Face à la récidive pédocriminelle : une solution médicale pour protéger la société, par Ahmed Karim Cissé
C’est dans cette perspective que l’ONG Connexion Sans Frontière propose l’introduction, dans un cadre strictement encadré, de la castration chimique pour les récidivistes pédocriminels. Il ne s’agit ni d’une mesure de vengeance, ni d’une atteinte gratuite à l’intégrité physique, mais d’un dispositif médical reposant sur des protocoles internationaux éprouvés. Cette approche vise à réduire les pulsions sexuelles pathologiques par une régulation hormonale réversible, administrée sous contrôle médical.
Plusieurs pays ont déjà expérimenté ce type de dispositif, notamment en Europe et aux États-Unis, avec des résultats encourageants en matière de réduction de la récidive. Ces expériences démontrent qu’une approche combinant suivi médical, accompagnement psychologique et encadrement judiciaire peut constituer une réponse plus efficace que la seule privation de liberté.
Au Sénégal, une telle réforme nécessiterait une adaptation du Code pénal ainsi que la mise en place d’une injonction de soins pour les profils les plus à risque. Cette démarche devrait impérativement s’inscrire dans un cadre pluridisciplinaire, associant magistrats, médecins, psychologues et travailleurs sociaux, afin de garantir à la fois le respect des droits fondamentaux et la protection de la société.

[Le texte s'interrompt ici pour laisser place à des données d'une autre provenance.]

Definition vietoris_sub (X : topologicalType) (i : vietoris_index X)
  : set (hyperK X) :=
  if i.1 then [set K | proj1_sig K `&` i.2 !=set0]
  else [set K | proj1_sig K `<=` i.2].

HB.instance Definition _ (X : topologicalType) :=
  @isSubBaseTopological.Build (hyperK X) (vietoris_index X)
    (@vietoris_dom X) (@vietoris_sub X).

Definition hyperK_le (X : topologicalType) (A B : hyperK X) : Prop :=
  proj1_sig A `<=` proj1_sig B.

(* Calibre (mu, lambda) of a (directed) set T with order le, where the
   cardinalities mu and lambda are given as predicates "S has size mu". *)
Definition calibre (T : Type) (le : T -> T -> Prop)
  (size_mu size_lambda : set T -> Prop) : Prop :=
  forall S : set T, size_mu S ->
    exists S' : set T, [/\ S' `<=` S, size_lambda S' &
      exists u : T, forall x, S' x -> le x u].

(* |S| = kappa^+, where kappa = |[set: K]| : S has size > kappa and every
   subset of S of size > kappa is equinumerous with S. *)
Definition has_size_succ (K : Type) (T : Type) (S : set T) : Prop :=
  ~ (S #<= [set: K])%card /\
  forall B : set T, B `<=` S -> ~ (B #<= [set: K])%card -> (B #= S)%card.

Definition has_size_omega (T : Type) (S : set T) : Prop :=
  (S #= [set: nat])%card.

Definition closed_discrete (Y : topologicalType) (D : set Y) : Prop :=
  closed D /\
  forall y, D y -> exists U : set Y, [/\ open U, U y & U `&` D = [set y]].

Definition extent_le (Y : topologicalType) (K : Type) : Prop :=
  forall D : set Y, closed_discrete D -> (D #<= [set: K])%card.

From mathcomp Require Import all_boot all_order.
From mathcomp Require Import all_classical all_reals all_analysis.
From mathcomp Require Import wochoice.
Local Open Scope classical_set_scope.
Set Implicit Arguments. Unset Strict Implicit. Unset Printing Implicit Defensive.

(* For compact l, the compact sets contained in l form a compact subset of
   K(X): an ultrafilter on it converges to l meet its upper Kuratowski limit.
   A closed discrete set meets a compact set in finitely many points, so an
   upper-bounded family inside a closed discrete subset of K(X) is finite;
   hence a closed discrete set of size kappa^+ (which exists inside any closed
   discrete set of size > kappa, by well-ordering) contradicts calibre
   (kappa^+, omega).  Conversely, if S has size kappa^+ and no infinite
   bounded subfamily, local compactness gives every K a neighbourhood
   {L | L <= V}, V open inside a compact set, meeting S in finitely many
   elements; a locally finite subset of the T1 space K(X) is closed discrete,
   so |S| <= e(K(X)) <= kappa, a contradiction. *)

Section WellOrder.
Variables (T : eqType) (R : rel T).
Hypothesis woR : well_order R.

Lemma well_order_min (P : set T) :
  P !=set0 -> exists2 z, P z & forall x, P x -> R z x.
Proof.
move=> [x Px]; have [|z [[zP zlb] _]] := @woR [pred y | `[< P y >]].
  by exists x; apply/asboolP.
exists z; first exact/asboolP.
by move=> y Py; apply/zlb/asboolP.
Qed.

Lemma well_order_total : total R.
Proof. by move=> x y; apply: (wo_chainW (withinW (A := predT) (@woR))). Qed.

Lemma well_order_anti : antisymmetric R.
Proof.
by move=> x y; apply: (wo_chain_antisymmetric (withinW (A := predT) (@woR))).
Qed.

Definition strict_rel : rel T := fun x y => R x y && (x != y).

Lemma well_order_wf : well_founded strict_rel.
Proof.
move=> x; apply: contrapT => nAx.
have [z nAz zlb] :=
  well_order_min (P := [set w | ~ Acc strict_rel w]) (ex_intro _ x nAx).
apply: nAz; constructor => y /andP[Ryz /eqP yz]; apply: contrapT => nAy.
by apply: yz; apply: well_order_anti; rewrite Ryz zlb.
Qed.

End WellOrder.

Section SuccessorCardinal.
Variables (Kappa : Type) (T : choiceType).

Let R : rel T := sval (well_ordering_principle T).
Let woR : well_order R := svalP (well_ordering_principle T).

Let segment (A : set T) (b : T) := [set c | A c /\ strict_rel R c b].

Lemma card_le_of_small_segments (B B' : set T) :
  (forall b, B b -> (segment B b #<= [set: Kappa])%card) ->
  B' `<=` B -> ~ (B' #<= [set: Kappa])%card -> (B #<= B')%card.
Proof.
move=> small_seg B'B nB'.
(* f b is a point of B' missed by f on the segment below b; it exists since
   that image has size <= kappa while B' does not. *)
pose F b (rec : forall c, strict_rel R c b -> T) := xget b
  [set y | B' y /\ ~ exists c (h : strict_rel R c b), B c /\ rec c h = y].
pose f := Fix (well_order_wf woR) (fun=> T) F.
have fE b : f b = xget b
    [set y | B' y /\ ~ exists c (h : strict_rel R c b), B c /\ f c = y].
  rewrite /f Fix_eq // => x g1 g2 eq_g.
  suff -> : g1 = g2 by [].
  by apply: functional_extensionality_dep => y; apply: functional_extensionality_dep.
have fP b : B b -> B' (f b) /\ forall c, B c -> strict_rel R c b -> f c <> f b.
  move=> Bb; rewrite fE; set P := [set y | _].
  have [] : P (xget b P).
    apply: xgetPex; apply: contrapT => B'_covered; apply: nB'.
    apply: card_le_trans (small_seg b Bb).
    apply: card_le_trans (card_image_le f _); apply: subset_card_le => y B'y.
    apply: contrapT => nim; apply: B'_covered; exists y; split => // -[c [h [Bc fcy]]].
    by apply: nim; exists c.
  by move=> B'x nex; split => // c Bc h fc; apply: nex; exists c, h.
suff : $|{injfun B >-> B'}| by case=> g; exact: inj_card_le g.
apply/injfunPex; exists f; first by move=> b /fP[].
move=> b1 b2; rewrite !in_setE => Bb1 Bb2 fb12; apply: contrapT => /eqP b12.
have [R12|R21] := orP (well_order_total woR b1 b2).
- have [_ /(_ b1 Bb1)] := fP b2 Bb2; apply => //.
  by rewrite /strict_rel R12.
- have [_ /(_ b2 Bb2)] := fP b1 Bb1; apply => //.
  by rewrite /strict_rel R21 eq_sym.
Qed.

Lemma has_size_succ_sub (D : set T) : ~ (D #<= [set: Kappa])%card ->
  exists2 B, B `<=` D & has_size_succ Kappa B.
Proof.
move=> nD; pose B := [set d | D d /\ (segment D d #<= [set: Kappa])%card].
have small_seg b : B b -> (segment B b #<= [set: Kappa])%card.
  by move=> [_ /(card_le_trans _)]; apply; apply: subset_card_le => c [[]].
have nB : ~ (B #<= [set: Kappa])%card.
  move=> smallB.
  pose big := [set d | D d /\ ~ (segment D d #<= [set: Kappa])%card].
  have [big_ne|nP] := pselect (big !=set0).
  - have [y [Dy ny] ylb] := well_order_min woR big_ne.
    apply/ny/(card_le_trans _ smallB)/subset_card_le => c [Dc /andP[Rcy /eqP cy]].
    split=> //; apply: contrapT => nc; apply: cy; apply: (well_order_anti woR).
    by rewrite Rcy ylb.
  - apply/nD/(card_le_trans _ smallB)/subset_card_le => d Dd; split=> //.
    by apply: contrapT => nd; apply: nP; exists d.
exists B => [d []//|]; split=> // B' B'B nB'.
apply: Cantor_Bernstein; first exact: subset_card_le.
exact: card_le_of_small_segments small_seg B'B nB'.
Qed.

End SuccessorCardinal.

Lemma infinite_set_has_size_omega (T : Type) (A : set T) :
  infinite_set A -> exists2 B, B `<=` A & has_size_omega B.
Proof. by move=> /infiniteP /card_subP[B BN BA]; exists B. Qed.

Lemma has_size_omega_infinite (T : Type) (A : set T) :
  has_size_omega A -> infinite_set A.
Proof. by move=> /card_eqPle[_ ?]; apply/infiniteP. Qed.

(* A finite-subcover argument that, unlike compact_cover, needs no point. *)
Lemma compact_setU_closed_cover (X : topologicalType) (P : set_system X)
    (K : set X) :
  compact K -> P set0 -> setU_closed P ->
  (forall x, K x -> exists2 U, P U & nbhs x U) -> exists2 U, P U & K `<=` U.
Proof.
move=> /compact_near_coveringP cK P0 PU Kloc.
pose F := filter_from P (fun U0 => [set U | P U /\ U0 `<=` U]).
have FF : Filter F.
  apply: filter_from_filter; first by exists set0.
  move=> U V PU' PV; exists (U `|` V); first exact: PU.
  by move=> W [PW UVW]; split; split => // x ?; apply: UVW; [left|right].
have [U0 PU0 /(_ U0 (conj PU0 (@subset_refl _ _)))] :
    F [set U | K `<=` (fun x => P U /\ U x)].
  apply: (cK _ F _ FF) => x /Kloc [U PU' nU].
  exists (U, [set W | P W /\ U `<=` W]); first by split => //; exists U.
  by case=> y W [/= Uy [PW UW]]; split => //; apply: UW.
by move=> KU; exists U0 => // x /KU[].
Qed.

Au-delà de l’approche juridique et scientifique, cette proposition trouve également un écho dans les valeurs spirituelles. Les finalités de la loi islamique (maqâsid al-sharî‘a) placent la protection de la descendance (hifz al-nasl) au cœur des priorités. Prévenir le mal et protéger les plus vulnérables constitue une exigence morale forte. Si le repentir (tawba) reste une dimension essentielle, la justice humaine a le devoir de garantir les droits des victimes (haqq al-mazlûm) et de prévenir toute récidive.
Ainsi, accepter un traitement médical encadré peut être perçu comme un engagement concret de la part de l’auteur à ne plus nuire. Il s’agit d’un équilibre entre sanction, prévention et responsabilité, où la dignité humaine est préservée tout en assurant la sécurité collective.
Ouvrir ce débat, c’est faire preuve de courage politique et de responsabilité sociale. Protéger nos enfants exige d’explorer toutes les solutions efficaces, dans le respect de nos valeurs, de notre droit et de notre humanité.